Le recours au calembours poursuit l’élaboration de ce regard distancié sur les relations intimes jusqu’à instaurer une certaine désinvolture. En employant l’homophonie, l’artiste propose une approche ironique. Le langage amoureux devient alors enclin à la dérision. Le ton ordinairement pathétique du monologue est chassé par l’humour. Point de pathos, même quand l’artiste décline le terme morose5 !

Cette dérision sur soi et les relations amoureuses n’est pas sans rappeler quelques-unes des figures féminines produites par l’industrie culturelle, telle que Carie Bradshaw ou Bridget Jones, anti-héroïnes trentenaires aux idylles aussi catastrophiques que cocasses. Cette culture de masse l’artiste s’y réfère, tout comme le Pop Art a pu le faire, en puisant des codes et des références. Plus particulièrement, l’artiste s’attache à jouer avec les codes visuels de la communication de masse : ceux des affiches, des publicités…

Traits simples, messages brefs, symboles, couleurs vives et contrastées, alliés à un humour bon enfant sont quelques-unes des caractéristiques des œuvres de Véronique Barthe empruntées au langage des mass media. De cette communication, l’artiste s’approprie également le procédé de création numérique et le tirage monumental similaire à celui des affichages urbains. Elle parachève ce rapprochement avec la série Morose, la déclinaison du mot sur stickers se référant à l’objet publicitaire multiple, diffusable et autocollant.

Toutefois, depuis les années 80 et 90, le sticker est aussi devenu un outil de la contre-culture dans les domaines militants et artistiques. Outil de communication alternatif, il constitue pour ses utilisateurs une pratique discrète et légère permettant néanmoins d’investir l’espace commun. Or l’exposition peut être définie comme un espace commun car elle constitue à la fois un média6 – compte tenu de sa capacité à investir les stratégies de la communication dans les trois dimensions – et un rituel social. L’exposition, en étant média et lieu du regard collectif, donne donc au travail de Véronique Barthe une nouvelle signification quant à l’opposition sphère privée-sphère publique. Le sentiment amoureux, d’ordinaire intime et secret fait, dès lors qu’il est exposé, l’objet d’une transmission dans l’espace commun et d’une appropriation collective.

Chez Véronique Barthe, la confidence se vêt des atours de la diffusion publique à travers un complexe jeu de mise en abyme : la parole intime traduite par des clichés du langage amoureux est transmise via des codes et des outils de la communication de masse au sein du média que constitue l’exposition. L’artiste entraîne ainsi le spectateur dans des montagnes russes entre sphère privée et sphère publique et ce d’autant plus que le choix des tirages entretient cette ambivalence : dimensions monumentales et tirages multiples rappelant la publicité mais fragilité des panneaux et possible appropriation intime des stickers qui tiennent au creux de la main, au fond de la poche.

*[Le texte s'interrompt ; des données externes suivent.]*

End Inverse.

Local Open Scope complex_scope.

Theorem lemma2p1 (R : realType) (C : int -> int -> R[i]) (K M : int) :
  psi_bounded C K M -> C K M != 0 -> psi_invertible C K M.
Proof. exact: (psi_invertible_lead (pchar_num R[i])). Qed.
(* (i) If $G_n\to G$ in $\hat{\mathcal G}_*[\bar{\mathcal Z},\mathcal Z]$, then $[G_n]\to[G]$ in $\mathcal G_*[\bar{\mathcal Z},\mathcal Z]$. (ii) If $[G_n]\to[G]$ in $\mathcal G_*[\bar{\mathcal Z},\mathcal Z]$ and $G\in\hat{\mathcal G}_*[\bar{\mathcal Z},\mathcal Z]$ is a connected representative of $[G]$, then there exist connected representatives $G_n\in\hat{\mathcal G}_*[\bar{\mathcal Z},\mathcal Z]$ of $[G_n]$, $n\in\mathbb N$, such that $G_n\to G$ in $\hat{\mathcal G}_*[\bar{\mathcal Z},\mathcal Z]$. In other words, the set-valued map $[H]\mapsto\{H'\in\hat{\mathcal G}_*[\bar{\mathcal Z},\mathcal Z]:H'\text{ is a connected representative of }[H]\}$ is lower semicontinuous.
   Context: Let $\bar{\mathcal Z},\mathcal Z$ be Polish spaces. $\hat{\mathcal G}_*[\bar{\mathcal Z},\mathcal Z]$ is the set of all rooted, simple, locally finite (not necessarily connected) graphs $G=(V,E,o,\bar\vartheta,\vartheta)$ with vertex set $V\subseteq\mathbb N$, root $o\in V$, edge marks $\bar\vartheta\in\bar{\mathcal Z}^E$ and vertex marks $\vartheta\in\mathcal Z^V$. For subsets $S_n,S\subseteq\mathbb N$ (or of the set of pairs of naturals), $S_n\to S$ means $S=\bigcup_n\bigcap_{n'>n}S_{n'}=\bigcap_n\bigcup_{n'>n}S_{n'}$. For $v\in V$, $\mathrm{cl}_v(G)$ is $v$ together with its neighbours in $G$. Convergence in $\hat{\mathcal G}_*$: $G_n=(V_n,E_n,o_n,\bar\vartheta^n,\vartheta^n)\to G=(V,E,o,\bar\vartheta,\vartheta)$ iff (1) $V_n\to V$; (2) $E_n\to E$; (3) $o_n\to o$; (4) for every $e\in E$, $\bar\vartheta^n_e\to\bar\vartheta_e$ along those $n$ with $e\in E_n$; (5) for every $v\in V$, $\vartheta^n_v\to\vartheta_v$ along those $n$ with $v\in V_n$; (6) for every $v\in V$, $\max\mathrm{cl}_v(G_n)\to\max\mathrm{cl}_v(G)$ along those $n$ with $v\in V_n$. Isomorphism classes: two rooted marked graphs are isomorphic if there is a bijection of vertex sets preserving adjacency, root and all marks. $[G]$ denotes the isomorphism class of the connected component of the root of $G$ (with its marks); a representative of a class is a connected rooted marked graph in it. $\mathcal G_*[\bar{\mathcal Z},\mathcal Z]$ is the space of such classes with the local topology: $[G_n]\to[G]$ iff for every $m\in\mathbb N$ there is $n_m$ and, for $n>n_m$, rooted graph isomorphisms $\varphi_{n,m}$ from the unmarked ball $B_m(G)$ (vertices within graph distance $m$ of the root) onto $B_m(G_n)$ with $\vartheta^n_{\varphi_{n,m}(v)}\to\vartheta_v$ and $\bar\vartheta^n_{\varphi_{n,m}(e)}\to\bar\vartheta_e$ for all vertices $v$ and edges $e$ of $B_m(G)$. *)

From Stdlib Require Import Rdefinitions Raxioms.
From mathcomp Require Import all_boot.
From mathcomp Require Import boolp classical_sets topology.

Set Implicit Arguments.
Unset Strict Implicit.
Unset Printing Implicit Defensive.

Definition polish (T : topologicalType) : Prop :=
  exists d : T -> T -> R,
    (forall x y, Rle R0 (d x y)) /\
    (forall x y, d x y = R0 <-> x = y) /\
    (forall x y, d x y = d y x) /\
    (forall x y z, Rle (d x z) (Rplus (d x y) (d y z))) /\
    (forall (x : T) (A : set T),
        nbhs x A <-> exists e, Rlt R0 e /\ forall y, Rlt (d x y) e -> A y) /\
    (forall u : nat -> T,
        (forall e, Rlt R0 e -> exists N, forall n m,
            (N <= n)%N -> (N <= m)%N -> Rlt (d (u n) (u m)) e) ->
        exists l, forall e, Rlt R0 e -> exists N, forall n,
            (N <= n)%N -> Rlt (d (u n) l) e) /\
    (exists s : nat -> T, forall x e, Rlt R0 e -> exists k, Rlt (d x (s k)) e).

(* An (undirected) edge {u,v}
   is stored once, as the ordered pair (u,v) with u < v.  Marks are total
   functions; only their values on E resp. V are relevant. *)
Record mgraph (Zb Z : Type) := MGraph {
  gV : nat -> Prop;
  gE : nat * nat -> Prop;
  groot : nat;
  gemark : nat * nat -> Zb;
  gvmark : nat -> Z }.

Section Graphs.
Variables (Zb Z : Type).
Implicit Types (G H : mgraph Zb Z).

Definition adj G (u v : nat) : Prop := gE G (u, v) \/ gE G (v, u).

Definition emk G (u v : nat) : Zb := gemark G (minn u v, maxn u v).

(* membership in \hat G_*: rooted, simple, locally finite *)
Definition wf_graph G : Prop :=
  gV G (groot G) /\
  (forall u v, gE G (u, v) -> (u < v)%N /\ gV G u /\ gV G v) /\
  (forall v, gV G v -> exists b, forall w, adj G v w -> (w <= b)%N).

Definition cl G (v w : nat) : Prop := w = v \/ adj G v w.
Definition is_max_cl G (v k : nat) : Prop :=
  cl G v k /\ forall w, cl G v w -> (w <= k)%N.

Fixpoint within G (m : nat) (v : nat) : Prop :=
  match m with
  | 0 => v = groot G
  | m'.+1 => within G m' v \/ exists u, within G m' u /\ adj G u v
  end.

Definition incomp G (v : nat) : Prop := exists m, within G m v.
Definition gconnected G : Prop := forall v, gV G v -> incomp G v.

(* rooted isomorphism of the marked root components: [G] = [H] *)
Definition iso_comp G H : Prop :=
  exists phi : nat -> nat,
    phi (groot G) = groot H /\
    (forall v, incomp G v -> incomp H (phi v)) /\
    (forall u v, incomp G u -> incomp G v -> phi u = phi v -> u = v) /\
    (forall w, incomp H w -> exists v, incomp G v /\ phi v = w) /\
    (forall u v, incomp G u -> incomp G v -> (adj G u v <-> adj H (phi u) (phi v))) /\
    (forall v, incomp G v -> gvmark H (phi v) = gvmark G v) /\
    (forall u v, incomp G u -> incomp G v -> adj G u v ->
        emk H (phi u) (phi v) = emk G u v).

Definition ball_iso G H (m : nat) (phi : nat -> nat) : Prop :=
  phi (groot G) = groot H /\
  (forall v, within G m v -> within H m (phi v)) /\
  (forall u v, within G m u -> within G m v -> phi u = phi v -> u = v) /\
  (forall w, within H m w -> exists v, within G m v /\ phi v = w) /\
  (forall u v, within G m u -> within G m v -> (adj G u v <-> adj H (phi u) (phi v))).

Definition set_cvg (A : Type) (S : nat -> A -> Prop) (S0 : A -> Prop) : Prop :=
  forall x,
    (S0 x <-> exists n, forall n', (n < n')%N -> S n' x) /\
    (S0 x <-> forall n, exists n', (n < n')%N /\ S n' x).

End Graphs.

Definition cvg_along (T : topologicalType) (P : nat -> Prop) (f : nat -> T) (x : T) : Prop :=
  forall A : set T, nbhs x A -> exists N, forall n, (N <= n)%N -> P n -> A (f n).

Definition hat_cvg (Zb Z : topologicalType) (Gs : nat -> mgraph Zb Z) (G : mgraph Zb Z) : Prop :=
  set_cvg (fun n => gV (Gs n)) (gV G) /\
  set_cvg (fun n => gE (Gs n)) (gE G) /\
  (exists N, forall n, (N <= n)%N -> groot (Gs n) = groot G) /\
  (forall e, gE G e ->
     cvg_along (fun n => gE (Gs n) e) (fun n => gemark (Gs n) e) (gemark G e)) /\
  (forall v, gV G v ->
     cvg_along (fun n => gV (Gs n) v) (fun n => gvmark (Gs n) v) (gvmark G v)) /\
  (forall v, gV G v -> forall k, is_max_cl G v k ->
     exists N, forall n, (N <= n)%N -> gV (Gs n) v -> is_max_cl (Gs n) v k).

Julie Martin, janvier 2010



1 Joseph Kosuth, One and Three Chairs, 1965. Dans cette œuvre, une chaise est placée entre sa photographie et sa définition rapportée d’un dictionnaire. L’ensemble est la triple représentation d’une même chose sans qu’il y ait une répétition formelle.

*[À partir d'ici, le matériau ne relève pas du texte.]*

(* The proof rests on an exact description of the behaviour of N(P).  For a
   set X of events, [marking_of X] is the marking obtained by firing exactly
   the events of X.  At such a marking an event e is enabled iff it is
   [firable] after X (not yet fired, all its causes fired, no conflict with
   X), and firing it yields [marking_of (X + e)].  By induction on firing
   sequences, the reachable markings are the canonical markings of finite
   configurations (downward closed, conflict-free sets), and conversely every
   finite configuration is fired by some sequence (fire a maximal event
   last).  Hence states of N(P) are exactly finite configurations, so that the
   conflict of N(P) is the conflict # of P and its causality (inhibitor arcs)
   is the causality < of P; the flow relation has no transition-to-transition
   paths since output places (e,* ) are sinks. *)

From Stdlib Require Import List Relations.
From Stdlib Require Import Classical ClassicalEpsilon FunctionalExtensionality
  PropExtensionality Lia.
Import ListNotations.

Set Implicit Arguments.

Definition indic (P : Prop) : nat :=
  if excluded_middle_informative P then 1 else 0.

Lemma indic_true (P : Prop) : P -> indic P = 1.
Proof. unfold indic; destruct excluded_middle_informative; tauto. Qed.

Lemma indic_false (P : Prop) : ~ P -> indic P = 0.
Proof. unfold indic; destruct excluded_middle_informative; tauto. Qed.

Lemma indic_le_1 (P : Prop) : indic P <= 1.
Proof. unfold indic; destruct excluded_middle_informative; lia. Qed.

Lemma ind_indic (P : Prop) (n : nat) : ind P n -> n = indic P.
Proof.
  intros [[HP ->] | [HP ->]]; [rewrite indic_true | rewrite indic_false]; auto.
Qed.

Lemma indic_ind (P : Prop) : ind P (indic P).
Proof.
  destruct (classic P) as [HP | HP];
    [left; rewrite indic_true | right; rewrite indic_false]; auto.
Qed.

Lemma indic_iff (P Q : Prop) : (P <-> Q) -> indic P = indic Q.
Proof. intro H; rewrite (propositional_extensionality P Q H); reflexivity. Qed.

Section NetSemantics.
Variables (S T L : Type) (N : cnet S T L).

Lemma fire_iff (m : S -> nat) (t : T) (m' : S -> nat) :
  fire N m t m' <->
  enabled N m t /\
  forall s, m' s = m s - indic (pre N s t) + indic (post N t s).
Proof.
  split; intros [Hen Hm]; split; auto.
  - intro s; apply Hm; apply indic_ind.
  - intros s a b Ha Hb; rewrite (ind_indic Ha), (ind_indic Hb); apply Hm.
Qed.

Lemma enabled_iff (m : S -> nat) (t : T) :
  (forall s, ~ rd N s t) ->
  enabled N m t <->
  (forall s, pre N s t -> 1 <= m s) /\ (forall s, inh N s t -> m s = 0).
Proof.
  intro Hrd; split; intros [Hpre Hinh]; split; auto.
  - intros s Hs. apply (Hpre s 1 0); [left | right]; auto.
  - intros s a b Ha Hb.
    rewrite (ind_indic Ha), (ind_indic Hb), (indic_false (Hrd s)).
    destruct (classic (pre N s t)) as [Hs | Hs];
      [rewrite indic_true; auto; specialize (Hpre s Hs) | rewrite indic_false];
      auto; lia.
Qed.

Lemma occ_pos_iff_In (l : list T) (t : T) (n : nat) :
  occ l t n -> (0 < n <-> In t l).
Proof.
  induction 1 as [| t l n _ IH | t u l n Hne _ IH]; simpl.
  - split; [lia | tauto].
  - split; [auto | lia].
  - rewrite IH; intuition congruence.
Qed.

Lemma occ_NoDup (l : list T) :
  NoDup l -> forall t, occ l t (indic (In t l)).
Proof.
  induction 1 as [| x l Hx Hnd IH]; intro t.
  - rewrite indic_false by (intros []); constructor.
  - destruct (classic (x = t)) as [<- | Hne].
    + rewrite indic_true by (left; reflexivity).
      rewrite <- (indic_false Hx); constructor; apply IH.
    + rewrite (indic_iff (Q := In t l)) by (simpl; intuition).
      constructor; auto.
Qed.

Lemma state_of_reach (sg : list T) (m : S -> nat) :
  NoDup sg -> reach N sg m ->
  exists X, state N X /\ forall t, supp X t <-> In t sg.
Proof.
  intros Hnd Hr. exists (fun t => indic (In t sg)). split.
  - exists sg, m; split; auto. apply occ_NoDup; auto.
  - intro t; unfold supp; destruct (classic (In t sg)) as [H | H];
      [rewrite indic_true | rewrite indic_false]; intuition lia.
Qed.

Lemma reach_of_state (X : T -> nat) :
  state N X -> exists sg m, reach N sg m /\ forall t, supp X t <-> In t sg.
Proof.
  intros [sg [m [Hr Hocc]]]. exists sg, m; split; auto.
  intro t; exact (occ_pos_iff_In (Hocc t)).
Qed.

End NetSemantics.

Section StrictOrders.
Variables (A : Type) (lt : A -> A -> Prop).
Hypothesis lt_irrefl : forall a, ~ lt a a.
Hypothesis lt_trans : forall a b c, lt a b -> lt b c -> lt a c.

Lemma maximal_in_list (l : list A) :
  l <> [] -> exists x, In x l /\ forall y, In y l -> ~ lt x y.
Proof.
  induction l as [| a l IH]; intro Hne; [congruence |].
  destruct (classic (l = [])) as [-> | Hl].
  - exists a; split; [left; auto |]. intros y [<- | []]; auto.
  - destruct (IH Hl) as [x [Hx Hmax]].
    destruct (classic (lt x a)) as [Hxa | Hxa].
    + exists a; split; [left; auto |].
      intros y [<- | Hy] Hay; [exact (lt_irrefl Hay) | exact (Hmax y Hy (lt_trans Hxa Hay))].
    + exists x; split; [right; auto |]. intros y [<- | Hy]; auto.
Qed.

Lemma clos_rt_below (r : relation A) :
  (forall a b, r a b -> lt a b) ->
  forall a b, clos_refl_trans _ r a b -> a = b \/ lt a b.
Proof.
  intros Hr a b H.
  induction H as [a b H | a | a b c _ IHab _ IHbc]; auto.
  destruct IHab as [<- | Hab]; destruct IHbc as [<- | Hbc]; eauto.
Qed.

Lemma clos_rt_partial_order (r : relation A) (D : A -> Prop) :
  (forall a b, r a b -> lt a b) -> partial_order_on D (clos_refl_trans _ r).
Proof.
  intro Hr. split; [| split].
  - intros; apply rt_refl.
  - intros; eapply rt_trans; eauto.
  - intros a b _ _ Hab Hba.
    destruct (clos_rt_below Hr Hab) as [? | Hab']; auto.
    destruct (clos_rt_below Hr Hba) as [? | Hba']; auto.
    destruct (lt_irrefl (lt_trans Hab' Hba')).
Qed.

End StrictOrders.

Lemma list_of_subset (A : Type) (P : A -> Prop) (l : list A) :
  (forall x, P x -> In x l) -> exists l', forall x, In x l' <-> P x.
Proof.
  intro Hl.
  exists (filter (fun x => if excluded_middle_informative (P x) then true else false) l).
  intro x; rewrite filter_In.
  destruct excluded_middle_informative as [HP | HP]; split.
  - tauto.
  - intuition.
  - intros [_ H]; discriminate H.
  - tauto.
Qed.

Section NetOfPES.
Variables (E : Type) (lt cf : E -> E -> Prop).
Local Notation N := (NP lt cf).

Definition pstar (e : E) : place cf := exist _ (PStar e) I.
Definition pconflict (e e' : E) (H : cf e e') : place cf :=
  exist _ (PCf (fun x => x = e \/ x = e'))
    (ex_intro _ e (ex_intro _ e' (conj H (fun x => iff_refl _)))).

Definition marking_of (X : E -> Prop) (s : place cf) : nat :=
  match proj1_sig s with
  | PStar e => 1 - indic (X e)
  | PDone e => indic (X e)
  | PCf W => 1 - indic (exists z, X z /\ W z)
  end.

Definition firable (X : E -> Prop) (e : E) : Prop :=
  ~ X e /\ (forall x, lt x e -> X x) /\ (forall z, X z -> ~ cf z e /\ ~ cf e z).

Definition configuration (X : E -> Prop) : Prop :=
  (forall x y, X y -> lt x y -> X x) /\ (forall x y, X x -> X y -> ~ cf x y).

Local Ltac simpl_net :=
  cbn [pre post inh rd m0 NP NP_pre NP_post NP_inh NP_m0 lab
       marking_of pstar pconflict proj1_sig] in *;
  unfold NP_post, NP_rd in *; cbn [proj1_sig] in *.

2 Dans ses Date paintings, On Kawara note la date du jour sur un fond monochrome. Il se fixe de réaliser l’œuvre en 24h et de représenter la date suivant les normes du pays dans lequel il se trouve.


3 Entendu dans son sens restrictif, l’art conceptuel produit une définition de l’œuvre d’art. Kosuth écrit « être artiste aujourd’hui signifie s’interroger sur l’entité art » in Rose, Arthur, « Four interviews », Arts Magazine, fév. 1969.


4 Cette méthode psychothérapeutique consiste à réveiller le souvenirs enfouis du patient, à l’origine de ses troubles, générant ainsi une décharge émotionnelle libératrice.


5 Morose est constitué d’un ensemble de stickers colorés sur lesquels le terme « morose » est décliné écrit en rose.


6 Voir Davallon, Jean, L’Exposition à l’œuvre, Stratégies de communication et médiation symbolique, Paris, L’Harmattan, 1999.